Expression of kcnh1a and kcnh1b during early development and in the adult zebrafish. A, temporal mRNA expression patterns of kcnh1a and kcnh1b in zebrafish embryos at the specified stages (in hours post fertilization, hpf) were analyzed by RT-PCR. One sample without reverse transcriptase (−rt) was used as a negative control. bactin was used as a housekeeping gene. Arrowheads indicate the expected amplicon sizes.
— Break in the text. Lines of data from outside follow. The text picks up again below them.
Lemma card_H_matched : (#|H :&: s @: P| <= t)%N.
Proof.
have : real_holes n :\: H \subset s @: P :\: H.
  apply/subsetP => x; rewrite !inE => /andP [xH xn]; rewrite xH.
  by apply: contraR xH; apply: partial_matching_unmatched.
move/subset_leq_card; rewrite cardsD (setIidPr H_real) card_real_holes.
have := cardsID H (s @: P).
rewrite card_imset ?card_partial_matching; last exact: perm_inj.
by rewrite setIC; move: #|H| #|H :&: _| #|_ :\: H| => ? ? ?; lia.
Qed.

Definition free_pairs :=
  [set x : pigeon * pigeon | (x.1 \notin P) && (x.2 \in real_holes n :\: s @: P)].

Lemma card_free_pairs : #|free_pairs| = ((h.+1 - t) * (h - t))%N.
Proof.
have -> : free_pairs = setX (~: P) (real_holes n :\: s @: P).
  by apply/setP => -[a b]; rewrite !inE.
rewrite cardsX cardsCs setCK card_ord cardsD (setIidPr matched_holes_real).
rewrite card_imset ?card_partial_matching ?card_real_holes; last exact: perm_inj.
by have := card_H_le_n; move: #|H| => ? ?; congr (_ * _)%N; lia.
Qed.

Section Assign.
Variables (p y : pigeon).
Hypothesis p_free : p \notin P.
Hypothesis y_free : y \in real_holes n :\: s @: P.

Lemma assign_matched q : q \in P -> assign s p y q = s q.
Proof.
move: y_free; rewrite !inE => /andP [ysP _] qP; rewrite /assign permM tpermD //.
  by apply: contraNneq p_free => ->.
by apply: contraNneq ysP => yq; rewrite -[y](permKV s) imset_f // yq.
Qed.

Lemma assign_pigeon : assign s p y p = y.
Proof. by rewrite /assign permM tpermL permKV. Qed.

Lemma partial_matching_assign : partial_matching (assign s p y) (p |: P) t.+1.
Proof.
move: y_free; rewrite !inE => /andP [_ yn]; split.
- move=> q /setU1P [->|qP]; first by rewrite assign_pigeon.
  by rewrite assign_matched ?partial_matching_real.
- move=> x xn xs; apply: partial_matching_unmatched => //.
  apply: contra xs => /imsetP [q qP ->].
  by rewrite -assign_matched // imset_f ?setU1r.
- rewrite cardsU1 p_free card_partial_matching.
  by have := card_H_le_n; move: #|H| => ? ?; lia.
Qed.

Lemma survivors_assign : survivors (assign s p y) (p |: P) \subset
  survivors s P :\: [set D in survivors s P | falsified_by p y D].
Proof.
move: y_free; rewrite !inE => /andP [_ yn].
apply/subsetP => D; rewrite !inE => /and3P [DT wide alive'].
have alive : ~~ killed enc H s P D.
  apply: contra alive' => /exists_inP [l lD /andP [lP l_false]].
  by apply/exists_inP; exists l; rewrite // setU1r //= assign_matched.
have -> : (w <= #|relevant enc H P D|)%N.
  apply: leq_trans wide _; apply/subset_leq_card/subsetP => q.
  by rewrite !inE negb_or => /andP [/andP [_ ->] ->].
rewrite DT alive /= andbT.
apply: contra alive' => /exists_inP [l lD /andP [/eqP lp l_false]].
by apply/exists_inP; exists l; rewrite // lp setU11 /= assign_pigeon /lit_holds yn.
Qed.
End Assign.

Definition falsifying_pairs (D : {set L}) :=
  [set x in free_pairs | falsified_by x.1 x.2 D].

(* By balance, a quarter of [H] falsifies a non-forced literal, and at most
   [t] holes of [H] are already used. *)
Lemma card_falsifying_holes a D : a \in relevant enc H P D ->
  (h - 4 * t <= 4 * #|[set y | (a, y) \in falsifying_pairs D]|)%N.
Proof.
rewrite inE => /andP [aP /exists_inP [l lD /andP [/eqP la l_free]]].
set Y := [set y in H | hole_code enc y l.1.2 == ~~ l.2].
have [y yY] : exists y, y \in Y.
  move: l_free; rewrite negb_forall_in => /exists_inP [y yH y_false].
  by exists y; rewrite inE yH; move: y_false; case: (hole_code _ _ _); case: l.2.
have h_Y : (h <= 4 * #|Y|)%N.
  have [|//] := H_balanced l.1.2 (~~ l.2).
  rewrite /bit_count -/Y => /eqP; rewrite cards_eq0 => /eqP Y0.
  by rewrite Y0 in_set0 in yY.
have Y_free : (#|Y| <= #|Y :\: s @: P| + t)%N.
  rewrite -(cardsID (s @: P) Y) addnC leq_add2l.
  apply: leq_trans card_H_matched; apply/subset_leq_card/setSI.
  by apply/subsetP => z; rewrite inE => /andP [].
have : Y :\: s @: P \subset [set y | (a, y) \in falsifying_pairs D].
  apply/subsetP => z; rewrite !inE => /andP [zs /andP [zH z_false]].
  have zn : (z < n)%N by move/subsetP/(_ z zH): H_real; rewrite inE.
  rewrite aP zs zn /=; apply/exists_inP; exists l; rewrite // la eqxx /=.
  by move: z_false; case: (hole_code _ _ _); case: l.2.
move/subset_leq_card; move: #|Y| #|Y :\: _| #|[set y | _]| h_Y Y_free; lia.
Qed.

Lemma card_falsifying_pairs D : D \in survivors s P ->
  (w * (h - 4 * t) <= 4 * #|falsifying_pairs D|)%N.
Proof.
rewrite inE => /and3P [_ wide _]; rewrite card_set_pairs big_distrr /=.
rewrite (bigID (mem (relevant enc H P D))) /=; apply: leq_trans _ (leq_addr _ _).
apply: (@leq_trans (\sum_(a in relevant enc H P D) (h - 4 * t))).
  by rewrite sum_nat_const leq_mul2r wide orbT.
by apply: leq_sum => a; apply: card_falsifying_holes.
Qed.

Lemma exists_good_pair : (t < h)%N -> exists2 x, x \in free_pairs &
  (#|survivors s P| * (w * (h - 4 * t))
     <= 4 * (h.+1 * h) * #|[set D in survivors s P | falsified_by x.1 x.2 D]|)%N.
Proof.
move=> t_lt_h; have : free_pairs != set0.
  by rewrite -card_gt0 card_free_pairs muln_gt0 !subn_gt0 t_lt_h ltnW.
set f := fun x : pigeon * pigeon => #|[set D in survivors s P | falsified_by x.1 x.2 D]|.
case/(exists_ge_average f) => x x_free x_avg; exists x => //.
have sum_f : (#|survivors s P| * (w * (h - 4 * t)) <= 4 * \sum_(x in free_pairs) f x)%N.
  rewrite exchange_card big_distrr -sum_nat_const; apply: leq_sum => D D_surv.
  exact: card_falsifying_pairs.
apply: leq_trans sum_f _; rewrite -mulnA leq_mul2l /=; apply: leq_trans x_avg _.
by rewrite card_free_pairs leq_mul2r leq_mul ?leq_subr ?orbT.
Qed.

Lemma greedy_step : (t < h)%N -> exists s' P', partial_matching s' P' t.+1 /\
  (4 * (h.+1 * h) * #|survivors s' P'| + #|survivors s P| * (w * (h - 4 * t))
     <= 4 * (h.+1 * h) * #|survivors s P|)%N.
Proof.
case/exists_good_pair => -[p y]; rewrite inE /= => /andP [p_free y_free] good.
exists (assign s p y), (p |: P); split; first exact: partial_matching_assign.
have := subset_leq_card (survivors_assign p_free y_free).
rewrite cardsD (setIidPr _); last by apply/subsetP => D; rewrite inE => /andP [].
have F_le : (#|[set D in survivors s P | falsified_by p y D]| <= #|survivors s P|)%N.
  by apply/subset_leq_card/subsetP => D; rewrite inE => /andP [].
move/(leq_mul (leqnn (4 * (h.+1 * h)))); rewrite mulnBr.
move: good (leq_mul (leqnn (4 * (h.+1 * h))) F_le).
move: (4 * (h.+1 * h))%N (#|survivors s P| * _)%N => K A.
by move: (K * _)%N (K * _)%N (K * _)%N; lia.
Qed.
End Step.
End Greedy.

Local Open Scope ring_scope.

Lemma le_expR_decay (R : realType) (K W0 W1 a : R) : 0 < K -> 0 <= W0 ->
  K * W1 + W0 * a <= K * W0 -> W1 <= W0 * expR (- (a / K)).
Proof.
move=> K_gt0 W0_ge0 step; apply: le_trans (ler_wpM2l W0_ge0 (expR_ge1Dx _)).
rewrite -(ler_pM2l K_gt0) [X in _ <= X](_ : _ = K * W0 - W0 * a); first lra.
by field; rewrite gt_eqF.
Qed.

Lemma greedy_budget n h s : (3 * n <= 4 * h)%N -> (41 <= n)%N ->
  (5 * s <= h < 5 * s + 5)%N ->
  (n * (4 * (h.+1 * h)) <= 80 * ((h - s - 1) * (s * (h + 2) - 2 * s * s)))%N.
Proof. by move=> *; nia. Qed.

Lemma powR_six_fifths_le (R : realType) (x : R) : 0 <= x ->
  (6 / 5 : R) `^ (x / 16) <= expR (x / 80).
Proof.
move=> x_ge0; rewrite /powR ifF ?gt_eqF ?divr_gt0 // ler_expR.
have ln_le : ln (6 / 5 : R) <= 1 / 5.
  by rewrite (_ : 6 / 5 = 1 + 1 / 5) ?le_ln1Dx //; lra.
by rewrite (_ : x / 80 = x / 16 * (1 / 5)) ?ler_wpM2l ?divr_ge0 //; field.
Qed.

(* Step [u] of the greedy construction keeps at most a fraction
   [1 - w (h - 4u) / (4 (h + 1) h)] of the survivors, and
   [kill_gain h t] is the sum of [h - 4u] over [u < t]. *)
Definition kill_rate {R : realType} (h w : nat) : R := w%:R / (4 * (h.+1 * h))%:R.

Definition kill_gain {R : realType} (h t : nat) : R :=
  t%:R * h%:R - 2 * t%:R * (t%:R - 1).

Lemma kill_exponent_ge (R : realType) n h s : (3 * n <= 4 * h)%N -> (41 <= n)%N ->
  (5 * s <= h < 5 * s + 5)%N ->
  n%:R / 80 <= kill_rate h (h - s - 1) * kill_gain h s :> R.
Proof.
move=> n_h n_ge s_h; have := greedy_budget n_h n_ge s_h.
have -> : kill_gain h s = (s * (h + 2) - 2 * s * s)%:R :> R.
  by rewrite /kill_gain natrB ?natrM ?natrD; [ring|nia].
rewrite /kill_rate mulrAC -natrM ler_pdivrMr ?ltr0n // mulrAC ler_pdivlMr.
  by move=> budget; rewrite -!natrM ler_nat [X in (_ <= X)%N]mulnC.
by rewrite ltr0n !muln_gt0 /=; lia.
Qed.

Lemma expR_le2 (R : realType) (x : R) : 0 <= x -> x <= 1 / 2 -> expR x <= 2.
Proof.
move=> x_ge0 x_le; have e_gt0 := expR_gt0 x.
have : expR x * (1 - x) <= 1.
  have := ler_wpM2l (ltW e_gt0) (expR_ge1Dx (- x)).
  by rewrite expRN mulfV ?gt_eqF.
nra.
Qed.

Lemma ge41_of_expR_gt2 (R : realType) (n : nat) : 2 < expR (n%:R / 80) :> R -> (41 <= n)%N.
Proof.
rewrite ltNge; apply: contraNT; rewrite -ltnNge ltnS => n_small.
have n_le : n%:R <= 40 :> R by rewrite (ler_nat R n 40).
by apply: expR_le2; rewrite ?divr_ge0 //; lra.
Qed.

Section Iterate.
Variables (n : nat) (enc : 'I_n -> bits n) (H : {set 'I_n.+1}).
Hypotheses (H_real : H \subset real_holes n) (H_balanced : balanced enc H).
Variables (T : {set {set lit n.+1 n}}) (w : nat) (R : realType).
Local Notation h := #|H|.
Local Notation survivors := (survivors enc H T w).

Lemma partial_matching_init : partial_matching H 1 (real_holes n :\: H) 0.
Proof.
split=> [p|x xn|]; first by rewrite perm1 !inE => /andP [].
  by apply: contraR => xH; apply/imsetP; exists x; rewrite ?perm1 // !inE xn xH.
by rewrite cardsD (setIidPr H_real) card_real_holes addn0.
Qed.

Lemma greedy_iterate t : (4 * t <= h)%N -> exists s P, partial_matching H s P t /\
  #|survivors s P|%:R <= #|T|%:R * expR (- (kill_rate h w * kill_gain h t)) :> R.
Proof.
elim: t => [_|t IHt le_th].
  exists 1%g, (real_holes n :\: H); split; first exact: partial_matching_init.
  have -> : kill_gain h 0 = 0 :> R by rewrite /kill_gain; ring.
  rewrite mulr0 oppr0 expR0 mulr1 ler_nat.
  by apply/subset_leq_card/subsetP => D; rewrite inE => /andP [].
have [s [P [s_matching bound]]] := IHt (leq_trans (leq_mul (leqnn 4) (leqnSn t)) le_th).
have t_lt_h : (t < h)%N := leq_trans (leq_pmull t.+1 (isT : (0 < 4)%N)) le_th.
have [s' [P' [s'_matching step]]] := greedy_step H_real H_balanced T w s_matching t_lt_h.
exists s', P'; split=> //.
have le_4t : (4 * t <= h)%N by apply: leq_trans le_th; rewrite leq_mul2l leqnSn.
have gain_step : kill_rate h w * kill_gain h t.+1 =
    kill_rate h w * kill_gain h t + (w * (h - 4 * t))%:R / (4 * (h.+1 * h))%:R :> R.
  by rewrite /kill_rate /kill_gain !natrM natrB // natrM -[t.+1]addn1 natrD; ring.
have K_gt0 : (0 : R) < (4 * (h.+1 * h))%:R.
  by rewrite ltr0n !muln_gt0 (leq_ltn_trans _ t_lt_h).
move: step; rewrite -(ler_nat R) natrD !(natrM R (4 * _)) (natrM R #|_|) => step.
have W1_le := le_expR_decay K_gt0 (ler0n _ _) step.
apply: le_trans W1_le _; rewrite gain_step opprD expRD mulrA.
by rewrite ler_wpM2r ?expR_ge0.
Qed.

End Iterate.

Lemma killing_restriction (R : realType) n (enc : 'I_n -> bits n)
    (T : {set {set lit n.+1 n}}) :
  injective enc -> (0 < n)%N -> #|T|%:R + 1 < expR (n%:R / 80) :> R ->
  exists (H : {set 'I_n.+1}) (s0 : {perm 'I_n.+1}) (P : {set 'I_n.+1}),
  [/\ forall p, p \in P -> (s0 p < n)%N,
      forall x : 'I_n.+1, (x < n)%N -> x \notin s0 @: P -> x \in H &
      forall D, D \in T -> (#|~: P| <= #|relevant enc H P D| + 2)%N -> killed enc H s0 P D].
Proof.
move=> enc_inj n_gt0 small_T.
have [H [H_real H_large H_balanced]] := exists_balanced enc_inj n_gt0.
set h := #|H| in H_large; set s := (h %/ 5)%N; set w := (h - s - 1)%N.
have s_h : (5 * s <= h < 5 * s + 5)%N by rewrite mulnC leq_divM -mulSnr ltn_ceil.
have le_4s : (4 * s <= h)%N := leq_trans (leq_mul (leqnSn 4) (leqnn s)) (proj1 (andP s_h)).
have [s0 [P [[matched unmatched card_P] bound]]] :=
  greedy_iterate H_real H_balanced T w R le_4s.
have no_survivors : survivors enc H T w s0 P = set0.
  apply/eqP; rewrite -cards_eq0 -leqn0 -ltnS -(ltr_nat R) mulr1n.
  have [T0|T_gt0] := posnP #|T|.
    by apply: le_lt_trans bound _; rewrite T0 mul0r.
  have n_ge : (41 <= n)%N.
    by apply: (@ge41_of_expR_gt2 R); move: T_gt0; rewrite -(ler1n R); lra.
  have exponent := kill_exponent_ge R H_large n_ge s_h.
  have T_small : #|T|%:R * expR (- (n%:R / 80)) < 1 :> R.
    rewrite -(ltr_pM2r (expR_gt0 (n%:R / 80))) -mulrA -expRD addNr expR0 mulr1 mul1r.
    lra.
  apply: le_lt_trans bound (le_lt_trans _ T_small).
  by rewrite ler_wpM2l // ler_expR lerN2.
exists H, s0, P; split=> // D DT wide; apply: contraT => alive.
suff : D \in survivors enc H T w s0 P by rewrite no_survivors in_set0.
rewrite inE DT alive andbT; move: wide; rewrite cardsCs setCK card_ord card_P.
have := subset_leq_card H_real; rewrite card_real_holes -/h /w.
by move: #|relevant _ _ _ _| => ?; lia.
Qed.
B, shown is the expression pattern of kcnh1a/b in adult zebrafish tissues. mRNA was isolated from the specified organs, and analysis was performed as in A. C–F, dorsal and lateral views, anterior to the left, of zebrafish embryos at 19 hpf (C) and 24 hpf (D–F) were stained by whole-mount in situ hybridization. Arrowheads point to specific expression domains. C, upper panels show whole-mount staining for kcnh1a (left) and kcnh1b (right); the lower panels show enlarged posterior sections after kcnh1b staining (right) versus control staining with a kcnh1b sense probe (left). D, the two left panels (lateral and dorsal view) show an expression domain for kcnh1a (arrowheads) that was absent in kcnh1b staining. For comparison, the right-hand images show equivalent staining with an atp1a3b-specific probe that was previously shown to mark the epiphysis (30). E, image details show kcnh1a expression domains (arrowheads) in anterior (left, dorsal) and central to posterior parts (right, dorsolateral) of the embryo. F, dorsal view images in two focal planes show kcnh1b expression domains (arrowheads) in anterior (left) and central to posterior regions (right) of the embryo.